The church was in use for centuries and centuries. When I first walked into it, it was totally blackened. Huge clouds of incense and smoke from lamps and candles all coated the surfaces of the paintings, in addition, of course, to the dust of the desert of Egypt. One of the dramatic things about the monument, watching it being conserved, was the contrast between the cleaned and uncleaned parts of the walls. The people who did the extraordinary site work of conserving these paintings all come from Italy. These extraordinary conservators, Adriano Luzi and Luigi De Cesaris, I had had the privledge of working with them at a medieval church in Egypt, at the Monastery of Saint Anthony, where they were able to reveal extraordinarily bright and fabulous medieval paintings. And so I learned from them to actually see through the grime, in a way, and see the potential. It is with them that I began this decade-long period of site work.

The entire monument was constructed and decorated four times, probably within a two-hundred-year period. And what we're seeing is primarily from the third phase and the fourth phase. Third phase includes all the bright colors, creating this vibrant, kaleidoscopic kind of place. Many of their paints were in an encaustic base, which means that they're wax, so they have a kind of shiny effect, the pink and green, especially. And they were interested in creating a riotous effect that encouraged your eye to jump from one part of the church to another. And the fourth phase, which is all the figural paintings, that dates to, at most, a century later.
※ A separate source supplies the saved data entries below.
Section UpSets.
Variables (T : finType) (le : T -> T -> Prop).
Hypotheses (le_refl : forall x, le x x)
           (le_trans : forall x y z, le x y -> le y z -> le x z).

Definition up_set (x : T) : {set T} := [set y | `[< le x y >]].

Lemma up_setS x y : le x y -> up_set y \subset up_set x.
Proof.
move=> xy; apply/subsetP => z; rewrite !inE => /asboolP yz.
by apply/asboolP; exact: le_trans yz.
Qed.

Lemma up_set_proper x y : le x y -> ~ le y x -> up_set y \proper up_set x.
Proof.
move=> xy yx; apply/properP; split; first exact: up_setS.
by exists x; rewrite inE; apply/asboolP => //; apply/asboolPn.
Qed.

Definition lex_rank (t : nat -> T) (k : nat) : nat :=
  lexnum #|T|.+1 (fun j => #|up_set (t j)|) k.

Lemma lex_rank_lt (t t' : nat -> T) i k : i < k ->
  (forall j, j <= i -> le (t j) (t' j)) -> ~ le (t' i) (t i) ->
  lex_rank t' k < lex_rank t k.
Proof.
move=> ik le_tt' nle; apply: (lexnum_lt (i := i)) => //.
- by move=> j; rewrite ltnS max_card.
- by move=> j ji; apply/subset_leq_card/up_setS/le_tt'.
- by apply/proper_card/up_set_proper => //; apply: le_tt'.
Qed.

End UpSets.

Section Konig.
Variables (T : finType) (ok : nat -> (nat -> T) -> Prop).
Hypotheses (ok_mono : forall m n u, m <= n -> ok n u -> ok m u)
           (ok_prefix : forall n u v, (forall j, j <= n -> u j = v j) -> ok n u -> ok n v).

Definition extendable (n : nat) (u : nat -> T) : Prop :=
  forall m, exists v, ok m v /\ forall j, j < n -> v j = u j.

Lemma extendable_step n u : extendable n u -> exists x, extendable n.+1 (fupd u n x).
Proof.
move=> ext_u; apply: contrapT => /forallNP no_x.
have [m m_bad] : {m : T -> nat & forall x, ~ exists v,
    ok (m x) v /\ forall j, j < n.+1 -> v j = fupd u n x j}.
  apply: (choice (P := fun x m => ~ exists v,
    ok m v /\ forall j, j < n.+1 -> v j = fupd u n x j)) => x.
  apply: contrapT => /forallNP all_m.
  by apply: (no_x x) => m; apply: contrapT => /all_m.
have [v [ok_v v_u]] := ext_u (\max_x m x).
apply: (m_bad (v n)); exists v; split; first exact: ok_mono (@leq_bigmax T m _) ok_v.
move=> j; rewrite ltnS leq_eqVlt => /orP [/eqP ->|jn]; rewrite /fupd ?eqxx //.
by rewrite ltn_eqF // v_u.
Qed.

Lemma konig : (forall n, exists u, ok n u) -> exists u, forall n, ok n u.
Proof.
move=> ok_n; have [u0 _] := ok_n 0.
have [next nextP] : {next : nat * (nat -> T) -> T & forall nu,
    extendable nu.1 nu.2 -> extendable nu.1.+1 (fupd nu.2 nu.1 (next nu))}.
  apply: (choice (P := fun nu x =>
    extendable nu.1 nu.2 -> extendable nu.1.+1 (fupd nu.2 nu.1 x))) => -[n u] /=.
  have [/extendable_step [x ext_x]|not_ext] := pselect (extendable n u); first by exists x.
  by exists (u0 0) => /not_ext.
pose fix U n := if n is n'.+1 then fupd (U n') n' (next (n', U n')) else u0.
have ext_U n : extendable n (U n).
  elim: n => [m|n IH]; last exact: (nextP (n, U n)).
  by have [v ok_v] := ok_n m; exists v.
have U_stable j n : j < n -> U n j = U j.+1 j.
  have U_S m : U m.+1 = fupd (U m) m (next (m, U m)) by [].
  elim: n => [//|n IH] jn; rewrite U_S /fupd.
  case: eqP => [->|/eqP ne]; first by rewrite U_S /fupd eqxx.
  by rewrite IH //; lia.
exists (fun j => U j.+1 j) => n.
have [v [ok_v v_U]] := ext_U n.+1 n.
by apply: ok_prefix ok_v => j jn; rewrite v_U ?U_stable //; lia.
Qed.
(* [enum 'I_n] does not reduce under [vm_compute] ([insub] matches on the opaque
   [idP]), hence this explicit list of ordinals. *)
Fixpoint ord_seq n : seq 'I_n :=
  if n is n'.+1 then ord0 :: map (lift ord0) (ord_seq n') else [::].

Lemma mem_ord_seq n (x : 'I_n) : x \in ord_seq n.
Proof.
elim: n x => [[]|n IHn] x //=; rewrite inE.
case: (unliftP ord0 x) => [j ->|->]; rewrite ?eqxx // mem_map ?IHn ?orbT //.
exact: lift_inj.
Qed.

Lemma connected_prefix n (e : rel 'I_n) k : 0 < k <= n -> symmetric e ->
  (forall x y : 'I_n, val y = (val x).+1 -> y < k -> e x y) ->
  connected_in e [set x : 'I_n | x < k].
Proof.
case/andP=> k0 kn sym_e e_succ; set A := [set x : 'I_n | x < k].
have n0 : 0 < n := leq_trans k0 kn.
set r := [rel u v | [&& e u v, u \in A & v \in A]].
have r_sym : connect_sym r.
  by apply: sym_connect_sym => u v /=; rewrite sym_e [(u \in A) && _]andbC.
have reach i : i < k -> forall x : 'I_n, val x = i -> connect r (Ordinal n0) x.
  elim: i => [|i IHi] ik x xi; first by rewrite (_ : x = Ordinal n0) //; apply: val_inj.
  have i_n : i < n := leq_trans (ltnW ik) kn.
  apply: connect_trans (IHi (ltnW ik) (Ordinal i_n) erefl) (connect1 _).
  by rewrite /= !inE e_succ ?xi //= ltnW.
split; first by exists (Ordinal n0); rewrite inE.
move=> x y; rewrite !inE => xk yk.
by apply: connect_trans (reach _ yk y erefl); rewrite r_sym; apply: reach xk x erefl.
Qed.

Lemma connected_ord n (e : rel 'I_n) : 0 < n -> symmetric e ->
  (forall x y : 'I_n, val y = (val x).+1 -> e x y) -> connected_in e [set: 'I_n].
Proof.
move=> n0 sym_e e_succ.
have -> : [set: 'I_n] = [set x : 'I_n | x < n] by apply/setP=> x; rewrite !inE ltn_ord.
apply: connected_prefix => // [|x y xy _]; [by rewrite n0 /= | exact: e_succ].
Qed.

Lemma connected_no_isolated (T : finType) (e : rel T) :
  connected_in e [set: T] -> 1 < #|T| -> forall x, exists y, e x y.
Proof.
case=> _ conn T_gt1 x.
have : 0 < #|[predD1 T & x]| by move: T_gt1; rewrite (cardD1 x) inE.
case/card_gt0P=> y /andP[yx _]; have := conn x y; rewrite !inE => /(_ isT isT).
case/connectP=> [[|z p]] /=; first by move=> _ yx'; rewrite yx' eqxx in yx.
by case/andP=> /and3P[exz _ _] _ _; exists z.
Qed.

Definition K2 : rel bool := fun b c => b != c.

Section TwoColourings.
Variables (T : finType) (e : rel T).

Lemma K2_hom_on_eq (A : {set T}) (f g : T -> bool) a :
  connected_in e A -> hom_on e K2 A f -> hom_on e K2 A g ->
  a \in A -> f a = g a -> {in A, f =1 g}.
Proof.
case=> _ conn hf hg aA fga x xA; apply/eqP.
have cl : closed [rel u v | [&& e u v, u \in A & v \in A]] [pred u | f u == g u].
  move=> u v /and3P[euv uA vA]; move: (hf u v uA vA euv) (hg u v uA vA euv).
  by rewrite /K2 !inE /=; case: (f u); case: (f v); case: (g u); case: (g v).
by move: (closed_connect cl (conn a x aA xA)); rewrite !inE fga eqxx => <-.
Qed.

Lemma bipartite_CHH_morphic_K2 (c : T -> bool) : hom e K2 c -> CHH_morphic e K2.
Proof.
move=> hc A f cA hf; case: (cA) => [[a aA] _].
pose g := if c a == f a then c else negb \o c.
have hg : hom e K2 g.
  by rewrite /g; case: ifP => _ x y /hc //=; rewrite /K2 (inj_eq negb_inj).
exists g; split=> //; apply: K2_hom_on_eq cA _ hf aA _; first by move=> x y _ _ /hg.
by rewrite /g; case: eqP => //= /eqP; case: (c a); case: (f a).
Qed.

Lemma K2_CHH_morphic : symmetric e -> (forall y, exists z, e y z) -> CHH_morphic K2 e.
Proof.
move=> sym_e nbr A f [[a aA] _] hf; have [w ew] := nbr (f a).
exists (fun x => if x \in A then f x else w); split=> [x y xy|x -> //].
have [ax|ay] : a = x \/ a = y.
  by move: xy; rewrite /K2; case: x; case: y => //= _; case: (a); auto.
- rewrite -ax in xy *; rewrite aA; case: ifP => [yA|_ //]; exact: hf.
- rewrite -ay in xy *; rewrite aA; case: ifP => [xA|_]; [exact: hf | by rewrite sym_e].
Qed.

Lemma bipartite_CHH_symmetric_K2 (c : T -> bool) :
  simple_graph e -> connected_in e [set: T] -> 1 < #|T| -> hom e K2 c ->
  CHH_symmetric e K2.
Proof.
move=> [sym_e _] conn T_gt1 hc; split; first exact: bipartite_CHH_morphic_K2 hc.
exact: K2_CHH_morphic sym_e (connected_no_isolated conn T_gt1).
Qed.

End TwoColourings.

Definition cycle_graph n : rel 'I_n := fun x y => (x.+1 %% n == y) || (y.+1 %% n == x).
Definition path_graph n : rel 'I_n := fun x y => (x.+1 == y) || (y.+1 == x).
Arguments cycle_graph : clear implicits.
Arguments path_graph : clear implicits.

Lemma cycle_graph_simple n : 1 < n -> simple_graph (cycle_graph n).
Proof.
move=> n_gt1; split=> [x y|x]; first by rewrite /cycle_graph orbC.
rewrite /cycle_graph orbb; apply/negbTE/eqP=> x_fix.
have := ltn_ord x; rewrite leq_eqVlt => /orP[/eqP xn|xn].
  by rewrite xn modnn in x_fix; rewrite -xn -x_fix in n_gt1.
by rewrite modn_small // in x_fix; apply: (n_Sn x); rewrite x_fix.
Qed.

Lemma path_graph_simple n : simple_graph (path_graph n).
Proof.
split=> [x y|x]; first by rewrite /path_graph orbC.
by rewrite /path_graph orbb; apply/negbTE; rewrite neq_ltn ltnSn orbT.
Qed.

Lemma K2_simple : simple_graph K2.
Proof. by split=> [x y|x]; rewrite /K2 1?eq_sym ?eqxx. Qed.

Lemma cycle_graph_connected n : 0 < n -> connected_in (cycle_graph n) [set: 'I_n].
Proof.
move=> n0; apply: connected_ord => // [x y|x y xy]; first by rewrite /cycle_graph orbC.
by rewrite /cycle_graph xy modn_small ?eqxx // -xy ltn_ord.
Qed.

Lemma path_graph_connected n : 0 < n -> connected_in (path_graph n) [set: 'I_n].
Proof.
move=> n0; apply: connected_ord => // [x y|x y xy]; first by rewrite /path_graph orbC.
by rewrite /path_graph xy eqxx.
Qed.

Lemma K2_connected : connected_in K2 [set: bool].
Proof.
split=> [|x y _ _]; first by exists true.
by case: (eqVneq x y) => [->|xy]; [exact: connect0 | apply: connect1; rewrite /= !inE /K2 xy].
Qed.

Lemma cycle_graph_2colouring n : ~~ odd n -> hom (cycle_graph n) K2 (fun x => odd x).
Proof.
move=> n_even x y; rewrite /K2 /cycle_graph.
by case/orP=> /eqP <-; rewrite odd_mod ?(negbTE n_even) //=; case: (odd _).
Qed.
Lots of other figural paintings survive from the fourth phase in the niches. Some of those compelling faces are monks from the monastic federation that this church belonged to. There are also some of the patriarchs or popes of the Egyptian Orthodox Church. There are evangelists and saints, as well. This is the most important historical monument in the entire country of Egypt from the late antique period. It's an enormous endeavor; we could not possibly have done it without the absolute engagement of the Coptic Church and the full collaboration of the Egyptian Supreme Council of Antiquities. The funding comes from the United States Agency for International Development, with the support of the American people. The USAID money is being administered by the American Research Center in Egypt. There's a wide-ranging program to support the development of monuments and preservation of monuments for tourism. The Red Monastery is an enormous project that involves people of many nationalities from many different kinds of backgrounds. There's a huge team of scholars working with me—we're preparing a book right now—so it's a fantastic international team and working with them has been such a great privilege.